Per fortuna c'è gente che si accontenta e gode. Topolonek non è un nome da fumetti. Ma quello di un ex primo ministro ceco, Mirek Topolonek. Non sfoggiava abiti eleganti nel giardino sardo del cavaliere, ma girava 'nature'.
Nudo, dicono i pettegoli come il "Corrierone". Mentre due ragazze sotto la doccia erano semplicemente "in topless", ovvero come i ciclisti nella pista del Vigorelli "in surplace", nell'attesa dello scatto detto anche "colpo di reni".

Ma non è una colpa essere belle, "in topless", nella doccia della villa del cavaliere, in attesa dello scatto detto anche "botta di culo". Felici di aver volato, dicono altri pettegoli, con "voli di Stato". E che sarà mai... Sono voli scomodi per quanto pieni di lusinghe oltre che di spifferi.

Per fortuna c'è gente che il "colpo di reni" dell'intelligenza e la "botta di culo" della notorietà non li spreca, ma li usa per parlare chiaro.
L'ex della fanciulla in fiore ha preso penna e carta (ci sono testimoni che non ha preso carta e penna), per farci sapere che lui chiama il presidente (tutto maiuscolo nella sua testa e nel suo scritto, noi disobbediamo trascrivendo), ovvero Berlusconi, con l'appellativo di "uomo del popolo", di amico di tutti ma soprattutto di "Mendicanti, Poveri" (ai quali lasciamo rispettosamente l'iniziale maiuscola per pregiudizio politico).

L'ex della fanciulla in fiore desta tanta umana simpatia: vorrebbe querelare "Repubblica", ma purtroppo non può permettersi "un avvocato penalista". Il ragazzo non sa che i penalisti del cavaliere sono disposti a lavorare gratis per lui, se soltanto lui facesse loro l'onore...

L'ex della fanciulla in fiore è un pentito dichiarato. Chiede scusa "per il clamore che ha suscitato" la sua storia d'Amore (la maiuscola è nostra, lo ammettiamo). Non sa che l'amico del popolo (Popolo?) è stato definito da un illustre intellettuale (Ernesto Galli Della Loggia, su "Style") quale interprete perfetto di un modello socialmente volgare (usiamo parole nostre nel tentativo di riassumere il lungo discorso di EGDL).

Modello volgare non voluto dal cavaliere ma a lui imposto dai tempi in cui è costretto a vivere in quest'Italia che (sottolinea EGDL) mostra chiappe e mutande "a chiunque voglia sbirciare". Appunto, in attesa del faticoso "colpo di reni" dell'intelligenza può venire in soccorso la "botta di culo". Come volevasi dimostrare.


30.05.2009
Ostellino birichino
Anche Piero Ostellino si mette a fare il birichino... Conclude oggi la sua rubrica settimanale del "Corriere della Sera" con una battuta che un tempo si sarebbe definita grassa, ma che oggi non turba più nessuno.

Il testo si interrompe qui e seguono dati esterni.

Theorem mainTheorem8 (m : nat) (K : {set {set 'I_m}}) :
  4 <= m ->
  is_complex K ->
  K != full_simplex m ->
  f0 K = m ->
  f0 (alex_dual K) = m ->
  chromatic_number (bier K) = m - 1 ->
  weak_suspension (bier K).
Proof.
move=> m_ge4 K_complex K_proper f0K f0D chi.
have K_vertices i : [set i] \in K.
  by have := vertices_full (etrans f0K (esym (card_ord m))) i; rewrite inE.
have dual_vertices i : [set i] \in alex_dual K.
  by have := vertices_full (etrans f0D (esym (card_ord m))) i; rewrite inE.
have all_vertices := bier_vertices K_complex K_proper K_vertices dual_vertices.
have [c [c_total c_proper]] :=
  colorable_proper (colorable_chromatic_number (bier K)) all_vertices.
rewrite {}chi in c c_total c_proper.
have few_colors : #|(c \o inl) @: [set: 'I_m] :|: (c \o inr) @: [set: 'I_m]| < #|'I_m|.
  apply: leq_ltn_trans (subset_leq_card (_ : _ \subset [set~ None])) _.
    by apply/subsetP => _ /setUP[] /imsetP[i _ ->]; rewrite !inE c_total.
  by rewrite cardsC1 card_option !card_ord; lia.
have [x [y [z [nxy nyz nzx [cLxy cLyz] [cRxy cRyz]]]]] :=
  constant_triple (color_inl_inr_neq K_vertices dual_vertices c_proper)
    (color_fibres_meet K_complex K_proper c_proper) few_colors.
have /subsetPn[i _ not_xyz] : ~~ ([set: 'I_m] \subset [set x; y; z]).
  apply: contraTN m_ge4 => /subset_leq_card; rewrite cardsT card_ord => le_m3.
  by rewrite -leqNgt (leq_trans le_m3) ?card_set3_le.
exact: (weak_suspension_of_monochromatic_triple K_complex K_proper K_vertices dual_vertices
  c_proper nxy nyz nzx cLxy cLyz cRxy cRyz not_xyz).
Qed.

Laddove egli scrive che c'è in molti italiani la speranza nella caduta del tiranno (Berlusconi) «inciampato in un pelo "di quella cosa"», alludendo ovviamente a ciò che tutti comprendono parlandosi di frequentazioni di fanciulle in fiore.

Ma la conclusione di Ostellino va messa da parte, perché ciò che preoccupa è invece l'analisi catastrofica che la precede (la provoca?).
In questa analisi Ostellino scrive che "L'Italia non è ancora entrata nella modernità" perché i suoi intellettuali "non hanno ancora imparato a porsi" quella fondamentale domanda empirica che ruota al "come" stanno le cose.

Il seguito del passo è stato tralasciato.